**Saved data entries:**
[Start of Attachment]
Lemma chains_commute_two_max (S : {set P}) (m m' : P) :
  free31 P ->
  m \in S -> m' \in S -> m != m' ->
  (forall y, y \in S -> ~~ (m < y)) -> (forall y, y \in S -> ~~ (m' < y)) ->
  (forall x y z, x \in S -> y \in S -> z \in S ->
     ~~ (x >=< y) -> ~~ (y >=< z) -> ~~ (x >=< z) -> False) ->
  (forall X : {set P}, X \proper S -> chains_commute X) ->
  chains_commute S.
Proof.
move=> H31 Hm Hm' Hmm' Hmax Hmax' Hw IH.
apply: (chains_commute_two_max_split Hm Hm' Hmm' Hmax Hmax').
- by apply: IH; apply: properD1.
- by apply: IH; apply: properD1.
- apply: IH; apply: (proper_of_missing _ Hm); last by rewrite !inE eqxx andbF.
  by apply/subsetP => y; rewrite !inE => /and3P [].
move=> i j.
set D := [set y in S | y < m].
set D' := [set y in S | y < m'].
set A := [set y in S | (y < m) && (y < m')].
have HAD : A \subset D by apply/subsetP => y; rewrite !inE => /and3P [-> -> _].
have HAD' : A \subset D' by apply/subsetP => y; rewrite !inE => /and3P [-> _ ->].
have HDm : forall y, y \in D -> y < m by move=> y; rewrite inE => /andP [].
have HDm' : forall y, y \in D' -> y < m' by move=> y; rewrite inE => /andP [].
have HA : forall y, y \in D -> (y \in A) = (y < m') by move=> y; rewrite !inE => /andP [-> ->].
have HA' : forall y, y \in D' -> (y \in A) = (y < m) by move=> y; rewrite !inE => /andP [-> ->]; rewrite andbT.
have UB := unique_escaper H31 Hm Hm' Hmm' Hmax Hmax' Hw.
have Hm'm : m' != m by rewrite eq_sym.
have UB' := unique_escaper H31 Hm' Hm Hm'm Hmax' Hmax Hw.
have Hmx' : forall y, y \in D -> ~~ (m' < y) by move=> y; rewrite inE => /andP [Hy _]; apply: Hmax'.
have Hmx : forall y, y \in D' -> ~~ (m < y) by move=> y; rewrite inE => /andP [Hy _]; apply: Hmax.
have Hsim : simP m m' by rewrite /simP Hmax // Hmax'.
have HmD : m \notin D by rewrite inE ltxx andbF.
have HmD' : m' \notin D' by rewrite inE ltxx andbF.
have HDS : D \subset S by apply/subsetP => y; rewrite inE => /andP [].
have HDS' : D' \subset S by apply/subsetP => y; rewrite inE => /andP [].
have IHD : chains_commute D by apply: IH; exact: proper_of_missing HDS Hm HmD.
have IHD' : chains_commute D' by apply: IH; exact: proper_of_missing HDS' Hm' HmD'.
have IHU : forall b, b \in D -> chains_commute [set y in D | y < b].
  move=> b Hb; apply: IH; apply: (proper_of_missing _ Hm); last by rewrite !inE ltxx andbF.
  by apply/subsetP => y; rewrite !inE => /andP [/andP [] ].
have IHU' : forall b, b \in D' -> chains_commute [set y in D' | y < b].
  move=> b Hb; apply: IH; apply: (proper_of_missing _ Hm'); last by rewrite !inE ltxx andbF.
  by apply/subsetP => y; rewrite !inE => /andP [/andP [] ].
have HU b b' := @escapers_below _ _ S m m' b b' H31 Hm Hm' Hmax Hmax'.
exact: two_max_core HAD HAD' HDm HDm' HA HA' UB UB' Hmx' Hmx Hsim IHD IHD' IHU IHU' HU.
Qed.

End TwoMaxima.

Lemma set_strong_ind (T : finType) (Q : {set T} -> Prop) :
  (forall S : {set T}, (forall X : {set T}, X \proper S -> Q X) -> Q S) ->
  forall S, Q S.
Proof.
move=> IH S; have [n] := ubnP #|S|; elim: n S => // n IHn S HS.
apply: IH => X HX; apply: IHn; exact: leq_trans (proper_card HX) HS.
Qed.

Section Induction.
Variables (d : Order.disp_t) (P : finPOrderType d).

Lemma exists_maximal (S : {set P}) (x : P) : x \in S ->
  exists m, [/\ m \in S, x <= m & forall y, y \in S -> ~~ (m < y)].
Proof.
move=> Hx0.
suff H : forall (n : nat) (x : P), x \in S -> leq #|[set z in S | x < z]| n ->
  exists m, [/\ m \in S, x <= m & forall y, y \in S -> ~~ (m < y)].
  exact: (H _ x Hx0 (leqnn _)).
clear Hx0; elim=> [|n IHn] {}x Hx Hc.
  exists x; split => // y Hy.
  apply/negP => Hxy; move: Hc; rewrite leqn0 cards_eq0 => /eqP E.
  have : y \in [set z in S | x < z] by rewrite inE Hy Hxy.
  by rewrite E inE.
case: (boolP [exists y in S, x < y]) => [/existsP [y /andP [Hy Hxy]]|Hno].
  have Hp : [set z in S | y < z] \proper [set z in S | x < z].
    apply/properP; split.
      by apply/subsetP => z; rewrite !inE => /andP [-> Hz]; exact: lt_trans Hxy Hz.
    by exists y; rewrite !inE ?Hy ?Hxy ?ltxx.
  have Hc' : leq #|[set z in S | y < z]| n.
    by rewrite -ltnS; apply: leq_trans (proper_card Hp) Hc.
  have [m [Hm Hym Hmax]] := IHn y Hy Hc'.
  by exists m; split => //; apply: le_trans (ltW Hxy) Hym.
exists x; split => // y Hy.
by apply/negP => Hxy; move/negP: Hno; apply; apply/existsP; exists y; rewrite Hy.
Qed.

Lemma top_or_second_max (S : {set P}) (m : P) :
  (forall y, y \in S -> y != m -> y < m) \/
  exists m', [/\ m' \in S, m != m' & forall y, y \in S -> ~~ (m' < y)].
Proof.
case: (boolP [forall y in S, (y != m) ==> (y < m)]) => [Hall|Hnall].
  by left=> y Hy Hym; move/forall_inP: Hall => /(_ y Hy); rewrite Hym.
right; have [y Hy] := forall_inPn Hnall; rewrite negb_imply => /andP [Hym Hyn].
have [m' [Hm' Hym' Hmax']] := exists_maximal Hy.
exists m'; split => //; apply/eqP => E; move: Hym'.
by rewrite -E le_eqVlt (negbTE Hym) (negbTE Hyn).
Qed.

Lemma antichain3_cases (S : {set P}) :
  (exists x y z, [/\ x \in S, y \in S, z \in S &
                    [&& ~~ (x >=< y), ~~ (y >=< z) & ~~ (x >=< z)]])
  \/ (forall x y z, x \in S -> y \in S -> z \in S ->
        ~~ (x >=< y) -> ~~ (y >=< z) -> ~~ (x >=< z) -> False).
Proof.
case: (boolP [exists x in S, exists y in S, exists z in S,
                [&& ~~ (x >=< y), ~~ (y >=< z) & ~~ (x >=< z)]]).
  by case/exists_inP=> x Hx /exists_inP [y Hy /exists_inP [z Hz H]]; left; exists x, y, z.
move=> Hno; right=> x y z Hx Hy Hz H1 H2 H3; case/negP: Hno.
apply/exists_inP; exists x => //; apply/exists_inP; exists y => //.
by apply/exists_inP; exists z => //; rewrite H1 H2 H3.
Qed.

Lemma elem_comm_chains (S : {set P}) (k l : nat) :
  nc_eq (elem_comm S k%:Z l%:Z)
      (nc_sub (wsum (wprod (chains S k) (chains S l))) (wsum (wprod (chains S l) (chains S k)))).
Proof.
move=> w; rewrite /elem_comm /nc_sub /nc_add /nc_opp !wsum_wprod.
by rewrite !(nc_mul_eql _ (elemP_chains _ _)) !(nc_mul_eqr _ (elemP_chains _ _)).
Qed.

Lemma chains_commute_antichain3 (S : {set P}) x y z :
  ~~ (x >=< y) -> ~~ (y >=< z) -> ~~ (x >=< z) ->
  chains_commute (S :\ x) -> chains_commute (S :\ y) -> chains_commute (S :\ z) ->
  chains_commute S.
Proof.
move=> Hxy Hyz Hxz IHx IHy IHz k l.
apply: Iplac_eq (elem_comm_chains S k l) _.
apply: (commute_antichain3 Hxy Hyz Hxz).
- by apply: Iplac_eq (IHx k l) => w; rewrite elem_comm_chains.
- by apply: Iplac_eq (IHy k l) => w; rewrite elem_comm_chains.
- by apply: Iplac_eq (IHz k l) => w; rewrite elem_comm_chains.
Qed.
[End of Attachment]
**Directions for this task:** Word for word, repeat the data from its first line through the line with "have Hmx' : forall", including both of those lines and no others.

**Written answer:**
Lemma chains_commute_two_max (S : {set P}) (m m' : P) :
  free31 P ->
  m \in S -> m' \in S -> m != m' ->
  (forall y, y \in S -> ~~ (m < y)) -> (forall y, y \in S -> ~~ (m' < y)) ->
  (forall x y z, x \in S -> y \in S -> z \in S ->
     ~~ (x >=< y) -> ~~ (y >=< z) -> ~~ (x >=< z) -> False) ->
  (forall X : {set P}, X \proper S -> chains_commute X) ->
  chains_commute S.
Proof.
move=> H31 Hm Hm' Hmm' Hmax Hmax' Hw IH.
apply: (chains_commute_two_max_split Hm Hm' Hmm' Hmax Hmax').
- by apply: IH; apply: properD1.
- by apply: IH; apply: properD1.
- apply: IH; apply: (proper_of_missing _ Hm); last by rewrite !inE eqxx andbF.
  by apply/subsetP => y; rewrite !inE => /and3P [].
move=> i j.
set D := [set y in S | y < m].
set D' := [set y in S | y < m'].
set A := [set y in S | (y < m) && (y < m')].
have HAD : A \subset D by apply/subsetP => y; rewrite !inE => /and3P [-> -> _].
have HAD' : A \subset D' by apply/subsetP => y; rewrite !inE => /and3P [-> _ ->].
have HDm : forall y, y \in D -> y < m by move=> y; rewrite inE => /andP [].
have HDm' : forall y, y \in D' -> y < m' by move=> y; rewrite inE => /andP [].
have HA : forall y, y \in D -> (y \in A) = (y < m') by move=> y; rewrite !inE => /andP [-> ->].
have HA' : forall y, y \in D' -> (y \in A) = (y < m) by move=> y; rewrite !inE => /andP [-> ->]; rewrite andbT.
have UB := unique_escaper H31 Hm Hm' Hmm' Hmax Hmax' Hw.
have Hm'm : m' != m by rewrite eq_sym.
have UB' := unique_escaper H31 Hm' Hm Hm'm Hmax' Hmax Hw.
have Hmx' : forall y, y \in D -> ~~ (m' < y) by move=> y; rewrite inE => /andP [Hy _]; apply: Hmax'.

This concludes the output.